Thursday 8 September 2011

Literary Blog Hop, September 8-11

Literary Blog Hop

The Literary Blog Hop is back! Yay! The trusty internetness tells me that I haven't participated since the start of July, so it's good to be back. Hosted as ever by the fab The Blue Bookcase, this week they ask:

Must all literary writing be difficult? Can you think of examples of literary writing that wasn't difficult?

I think the answer to this question depends on your definition of difficult, and your definition of literary. I would consider, for example, childrens books like His Dark Materials trilogy to be pretty literary (I'll fight you about that one, seriously) but in terms of language, it's not very difficult to read, although I suppose it is conceptually pretty complex.
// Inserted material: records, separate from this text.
Definition arc_dx (rho s a b : R) : R := rho * s * (sin b - sin a).
Definition arc_dy (rho s a b : R) : R := - (rho * s * (cos b - cos a)).

(* Turn with control [s1] on [0, T1], go straight on [T1, T2], turn with [s2]
   on [T2, T3] and with [s3] after [T3]. *)
Definition cscc_heading (rho th0 s1 s2 s3 T1 T2 T3 t : R) : R :=
  th0 + (s1 * Rmin t T1 + s2 * Rmax 0 (Rmin t T3 - T2) + s3 * Rmax 0 (t - T3)) / rho.

Definition cscc_x (rho x0 th0 s1 s2 s3 T1 T2 T3 t : R) : R :=
  x0 + RInt (fun u => cos (cscc_heading rho th0 s1 s2 s3 T1 T2 T3 u)) 0 t.
Definition cscc_y (rho y0 th0 s1 s2 s3 T1 T2 T3 t : R) : R :=
  y0 + RInt (fun u => sin (cscc_heading rho th0 s1 s2 s3 T1 T2 T3 u)) 0 t.

Ltac destruct_min_max := unfold Rmin, Rmax; repeat destruct Rle_dec; try lra.

Section CsccHeading.
Variables (rho th0 s1 s2 s3 T1 T2 T3 : R).
Hypotheses (Hrho : 0 < rho) (HT1 : 0 <= T1) (HT12 : T1 <= T2) (HT23 : T2 <= T3).

Local Notation th := (cscc_heading rho th0 s1 s2 s3 T1 T2 T3).

Lemma cscc_heading_arc1 t : 0 <= t <= T1 -> th t = th0 + s1 * t / rho.
Proof.
  intros Ht. unfold cscc_heading.
  replace (Rmin t T1) with t by destruct_min_max.
  replace (Rmax 0 (Rmin t T3 - T2)) with 0 by destruct_min_max.
  replace (Rmax 0 (t - T3)) with 0 by destruct_min_max.
  field. lra.
Qed.

Lemma cscc_heading_segment t : T1 <= t <= T2 -> th t = th T1.
Proof.
  intros Ht. unfold cscc_heading.
  replace (Rmin t T1) with T1 by destruct_min_max.
  replace (Rmin T1 T1) with T1 by destruct_min_max.
  replace (Rmax 0 (Rmin t T3 - T2)) with 0 by destruct_min_max.
  replace (Rmax 0 (Rmin T1 T3 - T2)) with 0 by destruct_min_max.
  replace (Rmax 0 (t - T3)) with 0 by destruct_min_max.
  replace (Rmax 0 (T1 - T3)) with 0 by destruct_min_max.
  reflexivity.
Qed.

Lemma cscc_heading_arc2 t : T2 <= t <= T3 -> th t = th T1 + s2 * (t - T2) / rho.
Proof.
  intros Ht. unfold cscc_heading.
  replace (Rmin t T1) with T1 by destruct_min_max.
  replace (Rmin T1 T1) with T1 by destruct_min_max.
  replace (Rmax 0 (Rmin t T3 - T2)) with (t - T2) by destruct_min_max.
  replace (Rmax 0 (Rmin T1 T3 - T2)) with 0 by destruct_min_max.
  replace (Rmax 0 (t - T3)) with 0 by destruct_min_max.
  replace (Rmax 0 (T1 - T3)) with 0 by destruct_min_max.
  field. lra.
Qed.

Lemma cscc_heading_arc3 t : T3 <= t -> th t = th T3 + s3 * (t - T3) / rho.
Proof.
  intros Ht. unfold cscc_heading.
  replace (Rmin t T1) with T1 by destruct_min_max.
  replace (Rmin T3 T1) with T1 by destruct_min_max.
  replace (Rmin t T3) with T3 by destruct_min_max.
  replace (Rmin T3 T3) with T3 by destruct_min_max.
  replace (Rmax 0 (t - T3)) with (t - T3) by destruct_min_max.
  replace (Rmax 0 (T3 - T3)) with 0 by destruct_min_max.
  field. lra.
Qed.

Hypotheses (Hs1 : s1 = 1 \/ s1 = -1) (Hs2 : s2 = 1 \/ s2 = -1) (Hs3 : s3 = 1 \/ s3 = -1).

Lemma cscc_heading_lipschitz t u : Rabs (th t - th u) <= Rabs (t - u) / rho.
Proof.
  assert (Hle : forall t u, u <= t -> Rabs (th t - th u) <= Rabs (t - u) / rho).
  2:{ destruct (Rle_dec u t); [now apply Hle |].
      rewrite Rabs_minus_sym, (Rabs_minus_sym t). apply Hle. lra. }
  clear t u. intros t u Hut.
  set (d1 := Rmin t T1 - Rmin u T1).
  set (d2 := Rmax 0 (Rmin t T3 - T2) - Rmax 0 (Rmin u T3 - T2)).
  set (d3 := Rmax 0 (t - T3) - Rmax 0 (u - T3)).
  assert (Hd : 0 <= d1 /\ 0 <= d2 /\ 0 <= d3 /\ d1 + d2 + d3 <= t - u)
    by (unfold d1, d2, d3; destruct_min_max).
  replace (th t - th u) with ((s1 * d1 + s2 * d2 + s3 * d3) / rho)
    by (unfold cscc_heading, d1, d2, d3; field; lra).
  rewrite Rabs_div by lra. rewrite (Rabs_pos_eq rho), (Rabs_pos_eq (t - u)) by lra.
  apply Rmult_le_compat_r; [apply Rlt_le, Rinv_0_lt_compat; lra |].
  apply Rabs_le.
  destruct Hs1 as [-> | ->], Hs2 as [-> | ->], Hs3 as [-> | ->]; lra.
Qed.
(* Let $H$ be a discrete group which admits a Sylow $p$-subgroup $S\le H$. Then there is an exact sequence \[1\to Z(H)\to N_H(S)\to\mathrm{Aut}(H,S)\to\mathrm{Out}(H)\to1,\] where $N_H(S)\to\mathrm{Aut}(H,S)$ sends $h$ to conjugation $c_h$ and $\mathrm{Aut}(H,S)\to\mathrm{Out}(H)$ is the restriction of the projection $\mathrm{Aut}(H)\to\mathrm{Out}(H)$.
   Context: A discrete $p$-toral group is a group containing a normal subgroup isomorphic to $(\mathbb{Z}/p^\infty)^r$ of finite $p$-power index. For a discrete group $H$, a discrete $p$-toral subgroup $S\le H$ is a Sylow $p$-subgroup of $H$ if every discrete $p$-toral subgroup of $H$ is $H$-conjugate to a subgroup of $S$. $\mathrm{Aut}(H,S)$ denotes the group of automorphisms of $H$ mapping $S$ onto $S$. *)

From HB Require Import structures.
From mathcomp Require Import all_boot all_order all_algebra.
Set Implicit Arguments. Unset Strict Implicit. Unset Printing Implicit Defensive.

Record Grp := {
  gcar :> Type;
  gmul : gcar -> gcar -> gcar;
  ginv : gcar -> gcar;
  gone : gcar;
  gmulA : forall x y z, gmul x (gmul y z) = gmul (gmul x y) z;
  gmul1 : forall x, gmul gone x = x;
  gmulV : forall x, gmul (ginv x) x = gone
}.

Section GrpDefs.
Variable G : Grp.
Local Notation "x * y" := (gmul x y).
Local Notation "x ^-1" := (ginv x).
Local Notation "1" := (gone G).

Definition is_subgroup (P : G -> Prop) : Prop :=
  P 1 /\ (forall x y, P x -> P y -> P (x * y)) /\ (forall x, P x -> P (x^-1)).

Definition conj (h x : G) : G := h * x * h^-1.

Definition is_hom (f : G -> G) : Prop := forall x y, f (x * y) = f x * f y.

Definition is_aut (f : G -> G) : Prop :=
  is_hom f /\ (forall x y, f x = f y -> x = y) /\ (forall y, exists x, f x = y).

Definition maps_onto (f : G -> G) (S : G -> Prop) : Prop :=
  (forall x, S x -> S (f x)) /\ (forall y, S y -> exists x, S x /\ f x = y).

Definition is_aut_S (S : G -> Prop) (f : G -> G) : Prop := is_aut f /\ maps_onto f S.

Definition is_inner (f : G -> G) : Prop := exists g, forall x, f x = conj g x.

Definition normalizes (S : G -> Prop) (h : G) : Prop := maps_onto (conj h) S.

Definition central (z : G) : Prop := forall x, z * x = x * z.

Definition p_adic_frac (p : nat) (q : rat) : Prop :=
  exists k : nat, (denq q %| (p ^ k)%N%:Z)%Z.

(* A is isomorphic to (Z/p^oo)^r = (Z[1/p]/Z)^r : there is a homomorphism
   from Z[1/p]^r onto A whose kernel is exactly Z^r. *)
Definition prufer_power (p r : nat) (A : G -> Prop) : Prop :=
  exists phi : ('I_r -> rat) -> G,
    let D := fun v : 'I_r -> rat => forall i, p_adic_frac p (v i) in
    (forall v, D v -> A (phi v)) /\
    (forall v w, D v -> D w -> phi (fun i => (v i + w i)%R) = phi v * phi w) /\
    (forall a, A a -> exists v, D v /\ phi v = a) /\
    (forall v, D v -> (phi v = 1 <-> forall i, denq (v i) = 1%Z)).

Definition has_index (A P : G -> Prop) (m : nat) : Prop :=
  exists reps : 'I_m -> G,
    (forall i, P (reps i)) /\
    (forall i j, A ((reps i)^-1 * reps j) -> i = j) /\
    (forall x, P x -> exists i, A ((reps i)^-1 * x)).

Definition discrete_p_toral (p : nat) (P : G -> Prop) : Prop :=
  is_subgroup P /\
  exists (A : G -> Prop) (r n : nat),
    is_subgroup A /\ (forall a, A a -> P a) /\
    (forall x a, P x -> A a -> A (conj x a)) /\
    prufer_power p r A /\ has_index A P (p ^ n).

Definition sylow (p : nat) (S : G -> Prop) : Prop :=
  discrete_p_toral p S /\
  forall P, discrete_p_toral p P ->
    exists h, forall x, P x -> S (conj h x).

End GrpDefs.

(* Everything but the surjectivity of Aut(H,S) -> Out(H) is formal. Given f in Aut(H),
   the image f(S) is discrete p-toral, so by the Sylow property c_h o f maps S into S for
   some h, and it remains to show that an injective endomorphism psi of H with
   psi(S) <= S maps S onto S. Let A = (Z/p^oo)^r be the normal torus of S, of index m.
   Every a in A is a p^K-th power in A for all K, while psi(a) has p-power order; taking
   p^K to be the p-part of m!, the permutation of S/A induced by psi(a) has order both a
   power of p and prime to p, so psi(a) lies in A. As each layer
   {a in A | a^(p^t) = 1} is finite and psi-stable, psi maps A onto A; hence psi induces
   an injection, thus a bijection, of the finite set S/A, and psi maps S onto S. *)

From mathcomp Require Import all_boot all_order all_algebra all_fingroup.
From mathcomp Require Import cyclic ring.
From Stdlib Require Import Classical ClassicalEpsilon FunctionalExtensionality.
From Stdlib Require List.
Set Implicit Arguments. Unset Strict Implicit. Unset Printing Implicit Defensive.
Import GRing.Theory Num.Theory.

Section GroupLaws.
Variable G : Grp.
Local Notation "x ⋅ y" := (@gmul G x y) (at level 40, left associativity).
Local Notation gid := (gone G).
Local Notation inv := (@ginv G).

Lemma gmulgV (x : G) : x ⋅ inv x = gid.
Proof.
rewrite -[x ⋅ inv x]gmul1 -{1}(gmulV (inv x)) -gmulA [inv x ⋅ (x ⋅ _)]gmulA gmulV gmul1.
exact: gmulV.
Qed.

Lemma gmulg1 (x : G) : x ⋅ gid = x.
Proof. by rewrite -(gmulV x) gmulA gmulgV gmul1. Qed.

Lemma gmulKg (x y : G) : inv x ⋅ (x ⋅ y) = y.
Proof. by rewrite gmulA gmulV gmul1. Qed.

Lemma gmulKVg (x y : G) : x ⋅ (inv x ⋅ y) = y.
Proof. by rewrite gmulA gmulgV gmul1. Qed.

Lemma gmulgK (x y : G) : x ⋅ y ⋅ inv y = x.
Proof. by rewrite -gmulA gmulgV gmulg1. Qed.

Lemma gmulgKV (x y : G) : x ⋅ inv y ⋅ y = x.
Proof. by rewrite -gmulA gmulV gmulg1. Qed.

Lemma gmulI (x y z : G) : x ⋅ y = x ⋅ z -> y = z.
Proof. by move=> e; rewrite -(gmulKg x y) e gmulKg. Qed.

Lemma ginvK (x : G) : inv (inv x) = x.
Proof. by apply: (@gmulI (inv x)); rewrite gmulgV gmulV. Qed.

Lemma ginvM (x y : G) : inv (x ⋅ y) = inv y ⋅ inv x.
Proof. by apply: (@gmulI (x ⋅ y)); rewrite gmulgV -gmulA gmulKVg gmulgV. Qed.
In fact, maybe it's not difficulty that people are talking about when they talk about literary works at all, but rather complexity, which is a completely different thing- just because you have to pay a lot of attention and apply a lot of analysis to a book yourself, that isn't necessarily a bad thing, it's just a sign of how complex the book is, or, in other words, how good it is. In terms of what I read, the books I find the most difficult to read are not necessarily the most complex (East of Eden, for example, is pretty complex, but it's so easy to just sail through-or at least that's what I find) but rather the ones that use the most 'clunky' language- Dickens is my ultimate nightmare, because he uses about 20 words to say what Steinbeck could achieve in about two. Difficulty for me, then, comes when someone rambles for no good reason, rather than when they use the sparsest amount of words to have the biggest impact, and nothing is superfluous to the story- a kind of complexity that doesn't at all have to be difficult.

If that made any sense then that's a bit of a miracle- I am a little bit rusty on attempting to talk intelligently about anything. I guess my point is though, that while a literary work is always complex, it doesn't, as an extension of this automatically have to be difficult. That's just my opinion- what do you have to say on the matter? Think 'literary' works are just awful, difficult pieces of trash? Let me know in the comments and I'll tell you why you're wrong...


  1. I actually kind of want to try East of Eden because it looks complex (in content at least) but it doesn't have the clunky language of someone like Dickens. I think there's a place for Dickens, but he's not my first choice.

  2. This is such a multi faceted question that is also very subjective so it would be hard for me to answer, but I think you did a good job!

  3. His Dark Materials trilogy is the perfect example of what I was trying to get at in my response (and I posted my review of the triolgy only the other day!).

    The challenge or difficulty in literary fiction is in the ideas and themes, not the prose which could be as easy to read as other types of fiction.

  4. One of my favorite Jane Austen quotes makes me laugh because it pokes fun at the verbosity of some authors: "I cannot speak well enough to be unintelligible." The idea that a more skilled writer will write unintelligible sentences just doesn't fly with me. Allowing for differences in style, generally speaking I think that more skill should equal the ability to communicate your ideas in fewer words. Like your Dickens/Steinbeck comparison. :)

  5. I agree, a complex novel needn't be overly verbose. I recently read Madame Bovary and Flaubert employs very simple language to communicate complex ideas. So complexity doesn't have to be present in the style of the narrative to be present in a novel's themes and ideas that are brimming below the surface.